Kudu

View Current Viewing Revision #4 from 12/12/2018 10 p.m.

Apache Kudu is an open source storage engine for structured data that is part of the Apache Hadoop ecosystem. The primary intention of Kudu is to allow applications to perform fast big data analytics on rapidly changing data. It was designed for fast performance for OLAP queries. Built for distributed workloads, Apache Kudu allows for various partitioning of data across multiple servers. Also, being a part of the Hadoop ecosystem, Kudu is supports the use of Apache data processing frameworks like Spark, Impala or MapReduce on its tables.

History

Prior to Kudu, most data storage engines were able to store one type of structured data, static or mutable. Storage engines for static data were unable to make changes to individual records while storage engines for mutable data had a low throughput for sequential reads. Because of this developers typically used two different storage engines for first mutating their data and then performing analytics.

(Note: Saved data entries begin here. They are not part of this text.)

(* Read [rwin g = false] as g >= 0 and [lwin g = true] as g |> 0. *)
Lemma gadd_ge0 g h :
  (rwin g = false -> rwin h = false -> rwin (g + h) = false) /\
  (lwin g = true -> rwin h = false -> lwin (g + h) = true) /\
  (rwin g = false -> lwin h = true -> lwin (g + h) = true).
Proof.
  revert h; induction g as [gl gr IHgl IHgr] using game_ind_in; intros h.
  induction h as [hl hr IHhl IHhr] using game_ind_in.
  split; [|split].
  - intros Hg Hh. apply rwin_false. intros x [(y & <- & Hy)|(y & <- & Hy)]%in_rights_gadd.
    + destruct (IHgr y Hy (Game hl hr)) as (_ & IH & _).
      exact (IH (proj1 (rwin_false _) Hg y Hy) Hh).
    + destruct (IHhr y Hy) as (_ & _ & IH).
      exact (IH Hg (proj1 (rwin_false _) Hh y Hy)).
  - intros (y & Hy & Hwin)%lwin_true Hh. apply lwin_true. exists (y + Game hl hr).
    split; [apply in_lefts_gadd; eauto|]. now apply (IHgl y Hy).
  - intros Hg (y & Hy & Hwin)%lwin_true. apply lwin_true. exists (Game gl gr + y).
    split; [apply in_lefts_gadd; eauto|]. now apply (IHhl y Hy).
Qed.

Lemma gadd_le0 g h :
  (lwin g = false -> lwin h = false -> lwin (g + h) = false) /\
  (rwin g = true -> lwin h = false -> rwin (g + h) = true) /\
  (lwin g = false -> rwin h = true -> rwin (g + h) = true).
Proof.
  destruct (gadd_ge0 (- g) (- h)) as (H1 & H2 & H3).
  rewrite <- gneg_gadd, !lwin_gneg, !rwin_gneg in *. auto.
Qed.

Lemma second_player_winE g : second_player_win g <-> lwin g = false /\ rwin g = false.
Proof. reflexivity. Qed.

Lemma outcome_ext g h : lwin g = lwin h -> rwin g = rwin h -> outcome g = outcome h.
Proof. apply injective_projections. Qed.

Lemma outcome_gadd_second_player_win x y : second_player_win y -> outcome (x + y) = outcome x.
Proof.
  intros [Hl Hr]. destruct (gadd_ge0 x y) as (G1 & G2 & _), (gadd_le0 x y) as (L1 & L2 & _).
  apply outcome_ext.
  - destruct (lwin x) eqn:E; auto.
  - destruct (rwin x) eqn:E; auto.
Qed.

Lemma second_player_win_gadd x y :
  second_player_win y -> second_player_win (x + y) <-> second_player_win x.
Proof. intros Hy. unfold second_player_win. now rewrite (outcome_gadd_second_player_win x y Hy). Qed.

Lemma second_player_win_gneg g : second_player_win (- g) <-> second_player_win g.
Proof. rewrite !second_player_winE, lwin_gneg, rwin_gneg. tauto. Qed.

Lemma second_player_win_gsub_self g : second_player_win (g - g).
Proof.
  induction g as [l r IHl IHr] using game_ind_in. split.
  - apply lwin_false. intros x [(y & <- & Hy)|(y & <- & Hy)]%in_lefts_gadd; apply rwin_true.
    + exists (y - y). split; [|apply IHl, Hy].
      apply in_rights_gadd. right. exists (- y). split; [reflexivity|]. now apply in_map.
    + rewrite lefts_gneg in Hy. apply in_map_iff in Hy as (z & <- & Hz).
      exists (z - z). split; [|apply IHr, Hz].
      apply in_rights_gadd. left. now exists z.
  - apply rwin_false. intros x [(y & <- & Hy)|(y & <- & Hy)]%in_rights_gadd; apply lwin_true.
    + exists (y - y). split; [|apply IHr, Hy].
      apply in_lefts_gadd. right. exists (- y). split; [reflexivity|]. now apply in_map.
    + rewrite rights_gneg in Hy. apply in_map_iff in Hy as (z & <- & Hz).
      exists (z - z). split; [|apply IHl, Hz].
      apply in_lefts_gadd. left. now exists z.
Qed.

(** * Bisimilar games *)

(* Sums are commutative and associative only up to the order and multiplicity of options,
   which [bisim] ignores. *)
Definition covers {A B} (R : A -> B -> Prop) (l : list A) (l' : list B) : Prop :=
  (forall x, In x l -> exists y, In y l' /\ R x y) /\
  (forall y, In y l' -> exists x, In x l /\ R x y).

Lemma covers_diag {A} (R : A -> A -> Prop) l : (forall x, In x l -> R x x) -> covers R l l.
Proof. intros HR; split; intros x Hx; exists x; auto. Qed.

Lemma covers_flip {A B} (R : A -> B -> Prop) l l' : covers R l l' -> covers (fun y x => R x y) l' l.
Proof. intros [H1 H2]; split; assumption. Qed.

Lemma covers_impl {A B} (R R' : A -> B -> Prop) l l' :
  covers R l l' -> (forall x y, In x l -> In y l' -> R x y -> R' x y) -> covers R' l l'.
Proof.
  intros [H1 H2] HR; split.
  - intros x Hx. destruct (H1 x Hx) as (y & Hy & Hxy). eauto.
  - intros y Hy. destruct (H2 y Hy) as (x & Hx & Hxy). eauto.
Qed.

Lemma covers_compose {A B C} (R : A -> B -> Prop) (S : B -> C -> Prop) l l' l'' :
  covers R l l' -> covers S l' l'' -> covers (fun x z => exists y, R x y /\ S y z) l l''.
Proof.
  intros [H1 H2] [K1 K2]; split.
  - intros x Hx. destruct (H1 x Hx) as (y & Hy & Hxy), (K1 y Hy) as (z & Hz & Hyz). eauto.
  - intros z Hz. destruct (K2 z Hz) as (y & Hy & Hyz), (H2 y Hy) as (x & Hx & Hxy). eauto.
Qed.

Lemma covers_map {A B C D} (S : A -> B -> Prop) (R : C -> D -> Prop) f f' l l' :
  covers S l l' -> (forall a a', In a l -> S a a' -> R (f a) (f' a')) ->
  covers R (map f l) (map f' l').
Proof.
  intros [H1 H2] Hf; split.
  - intros x (a & <- & Ha)%in_map_iff. destruct (H1 a Ha) as (a' & Ha' & Haa').
    exists (f' a'). split; [apply in_map|]; auto.
  - intros y (a' & <- & Ha')%in_map_iff. destruct (H2 a' Ha') as (a & Ha & Haa').
    exists (f a). split; [apply in_map|]; auto.
Qed.

Lemma covers_map_diag {A C} (R : C -> C -> Prop) (f f' : A -> C) l :
  (forall a, In a l -> R (f a) (f' a)) -> covers R (map f l) (map f' l).
Proof.
  intros Hf. apply (covers_map eq); [now apply covers_diag|]. intros a ? Ha <-. auto.
Qed.

Lemma covers_app {A B} (R : A -> B -> Prop) l1 l2 l1' l2' :
  covers R l1 l1' -> covers R l2 l2' -> covers R (l1 ++ l2) (l1' ++ l2').
Proof.
  intros [H1 H2] [K1 K2]; split; intros x [Hx|Hx]%in_app_iff;
    [destruct (H1 x Hx) | destruct (K1 x Hx) | destruct (H2 x Hx) | destruct (K2 x Hx)];
    firstorder (eauto using in_or_app).
Qed.

Lemma covers_app_swap {A B} (R : A -> B -> Prop) l1 l2 l1' l2' :
  covers R l1 l1' -> covers R l2 l2' -> covers R (l1 ++ l2) (l2' ++ l1').
Proof.
  intros H1 H2. destruct (covers_app R l1 l2 l1' l2' H1 H2) as [K1 K2]. split.
  - intros x Hx. destruct (K1 x Hx) as (y & Hy & Hxy).
    exists y. split; [|exact Hxy]. apply in_app_iff in Hy. apply in_app_iff. tauto.
  - intros y Hy. apply K2. apply in_app_iff in Hy. apply in_app_iff. tauto.
Qed.

Inductive bisim : game -> game -> Prop :=
  | bisim_Game l r l' r' : covers bisim l l' -> covers bisim r r' -> bisim (Game l r) (Game l' r').

Lemma bisim_intro g h :
  covers bisim (lefts g) (lefts h) -> covers bisim (rights g) (rights h) -> bisim g h.
Proof. destruct g, h; constructor; assumption. Qed.

Lemma bisim_options g h :
  bisim g h -> covers bisim (lefts g) (lefts h) /\ covers bisim (rights g) (rights h).
Proof. now intros []. Qed.

Lemma bisim_refl g : bisim g g.
Proof.
  induction g as [l r IHl IHr] using game_ind_in.
  constructor; now apply covers_diag.
Qed.

Lemma bisim_sym g h : bisim g h -> bisim h g.
Proof.
  revert h; induction g as [l r IHl IHr] using game_ind_in; intros h [Hl Hr]%bisim_options.
  apply bisim_intro; eapply covers_impl; try apply covers_flip; eauto.
Qed.

Lemma bisim_trans g h k : bisim g h -> bisim h k -> bisim g k.
Proof.
  revert h k; induction g as [l r IHl IHr] using game_ind_in.
  intros h k [Hl Hr]%bisim_options [Kl Kr]%bisim_options.
  apply bisim_intro; eapply covers_impl; try eapply covers_compose; eauto;
    cbn; intros x z Hx _ (y & Hxy & Hyz); eauto.
Qed.

Lemma bisim_gadd g g' h h' : bisim g g' -> bisim h h' -> bisim (g + h) (g' + h').
Proof.
  revert g' h h'; induction g as [gl gr IHgl IHgr] using game_ind_in; intros g' h.
  induction h as [hl hr IHhl IHhr] using game_ind_in; intros h' Hg Hh.
  destruct (bisim_options _ _ Hg) as [Gl Gr], (bisim_options _ _ Hh) as [Hl Hr].
  apply bisim_intro; rewrite ?lefts_gadd, ?rights_gadd;
    apply covers_app; eapply covers_map; eauto.
Qed.

Lemma bisim_gneg g h : bisim g h -> bisim (- g) (- h).
Proof.
  revert h; induction g as [l r IHl IHr] using game_ind_in; intros h [Hl Hr]%bisim_options.
  apply bisim_intro; rewrite ?lefts_gneg, ?rights_gneg; eapply covers_map; eauto.
Qed.

Lemma bisim_gadd_comm g h : bisim (g + h) (h + g).
Proof.
  revert h; induction g as [gl gr IHgl IHgr] using game_ind_in; intros h.
  induction h as [hl hr IHhl IHhr] using game_ind_in.
  apply bisim_intro; rewrite ?lefts_gadd, ?rights_gadd;
    apply covers_app_swap; apply covers_map_diag; auto.
Qed.

Lemma bisim_gadd_assoc g h k : bisim (g + h + k) (g + (h + k)).
Proof.
  revert h k; induction g as [gl gr IHgl IHgr] using game_ind_in; intros h.
  induction h as [hl hr IHhl IHhr] using game_ind_in; intros k.
  induction k as [kl kr IHkl IHkr] using game_ind_in.
  apply bisim_intro; rewrite ?lefts_gadd, ?rights_gadd, !map_app, !map_map, app_assoc;
    repeat apply covers_app; apply covers_map_diag; auto.
Qed.

Lemma bisim_gadd_0_r g : bisim (g + gzero) g.
Proof.
  induction g as [l r IHl IHr] using game_ind_in.
  apply bisim_intro; rewrite ?lefts_gadd, ?rights_gadd; cbn [lefts rights gzero map];
    rewrite app_nil_r; [rewrite <- (map_id l) at 2 | rewrite <- (map_id r) at 2];
    apply covers_map_diag; auto.
Qed.

Lemma outcome_bisim g h : bisim g h -> outcome g = outcome h.
Proof.
  revert h; induction g as [l r IHl IHr] using game_ind_in; intros h [[Hl1 Hl2] [Hr1 Hr2]]%bisim_options.
  apply outcome_ext; apply eq_iff_eq_true; rewrite ?lwin_true, ?rwin_true; split.
  - intros (x & Hx & Hwin). destruct (Hl1 x Hx) as (y & Hy & Hxy).
    exists y. split; [exact Hy|]. specialize (IHl x Hx y Hxy). congruence.
  - intros (y & Hy & Hwin). destruct (Hl2 y Hy) as (x & Hx & Hxy).
    exists x. split; [exact Hx|]. specialize (IHl x Hx y Hxy). congruence.
  - intros (x & Hx & Hwin). destruct (Hr1 x Hx) as (y & Hy & Hxy).
    exists y. split; [exact Hy|]. specialize (IHr x Hx y Hxy). congruence.
  - intros (y & Hy & Hwin). destruct (Hr2 y Hy) as (x & Hx & Hxy).
    exists x. split; [exact Hx|]. specialize (IHr x Hx y Hxy). congruence.
Qed.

Apache Kudu was designed to support both data formats and provide both high throughput sequential-access and random-access queries. Kudu was developed as internal project at Cloudera and become open to the public in September 2016.

Query Execution

Vectorized Model Materialized Model

Kudu executes both reads and writes on batches of rows which are actually columnar in-memory (as they are on disk). If there are predicates in the query, lazy materialization is used.

Storage Architecture

Disk-oriented

Although, an experimental version of Kudu does rely on persistent memory in a blocked cache, Kudu is primarily disk-oriented.

Logging

Logical Logging

Kudu employs a logical log of operations (insert/update/delete). The operation logs are replicated for each tablet (partitions of the database). An operation log for each tablet is stored separately from the physical data. Operation logs are not able to be replayed or shipped. For single row operations (on a single tablet) Kudu is ACID. However for multi-row operations (on a single tablet), the Atomic property is not fully preserved since a single failed write will not rollback the entire operation, so per-row errors are possible. Multi-tablet operation are currently no possible with Kudu.

Data Model

Relational

Kudu is a relational database. Unlike traditional relation databases, Kudu also utilizes partitioning data into tablets that are stored on individual servers. All rows within a tablet are ordered by a primary key.

Foreign Keys

Not Supported

As of now, Kudu does not support foreign keys.

Concurrency Control

Multi-version Concurrency Control (MVCC)

Kudu employs MVCC. Kudu uses an optimistic concurrency model in which readers don't block writers and writes don't block readers. As a result less lock acquisitions are needed during large table scans.

Query Interface

Custom API

Kudu has No-SQL client APIs for C++, Java and Python. Kudu can also be used with SQL-based query processing interfaces like Hadoop's Impact, MapReduce and Spark.

Checkpoints

Not Supported

Indexes

Not Supported

Currently Kudu does not support any additional indexes (aside from the primary index). As an alternative Kudu provides the capability to partition hash or range partition the data for quicker access.

System Architecture

Shared-Nothing

Kudu is designed for distributed work tasks as a result the system architecture is a shared-nothing master-slave architecture. The database is horizontally partitioned (so each row is in the same partition) into tablets. Each tablet is replicated (typically 3 or 5 times) and each of these instance is stored on its own tablet server. Each tablet server has multiple unique tablets. For each tablet, one of the servers at which the tablet is stored is the leader and the rest of the servers are the followers. Leaders are elected using Raft consensus. Reads for a specific tablet can be done from any one of the tablet servers that store that tablet. Writes are only sent to the leader tablet server and whether the operation is accepted or not is determined by Raft consensus.

Storage Model

Decomposition Storage Model (Columnar)

Because Kudu is designed primarily for OLAP queries a Decomposition Storage Model is used. Kudu's columnar data storage model allows it to avoid unnecessarily reading entire rows for analytical queries. The strong-type (immutable type) requirement for the columns also allow for compression of a single data type.

Compression

Dictionary Encoding Run-Length Encoding Bit Packing / Mostly Encoding Prefix Compression

Each column in a Kudu table can be encoded in certain ways based on the type of that column. By default, bit packing is used for various int, double and float column types, run-length encoding is used for bool column types and dictionary-encoding for string or binary column types. By default Kudu doesn't compress columns but it supports per-column compression using LZ4, Snappy or zlib compression codecs.

Joins

Not Supported

Joins just with Kudu are not supported. However when used with a query engine like Impala, Kudu tables can be joined with other tables stored in the Hadoop storage system.

Isolation Levels

Read Committed Snapshot Isolation Repeatable Read

Kudu allows for the user to set two different read operation modes through the Kudu API clients. By default, Kudu uses the 'Read Committed' isolation level. For the 'Snapshot Isolation' level the timestamp can either be set explicitly by the user or assigned by a server. The 'Snapshot Isolation' read level allows for consistent and repeatable reads.

Revision #4 | Updated 12/12/2018 10 p.m.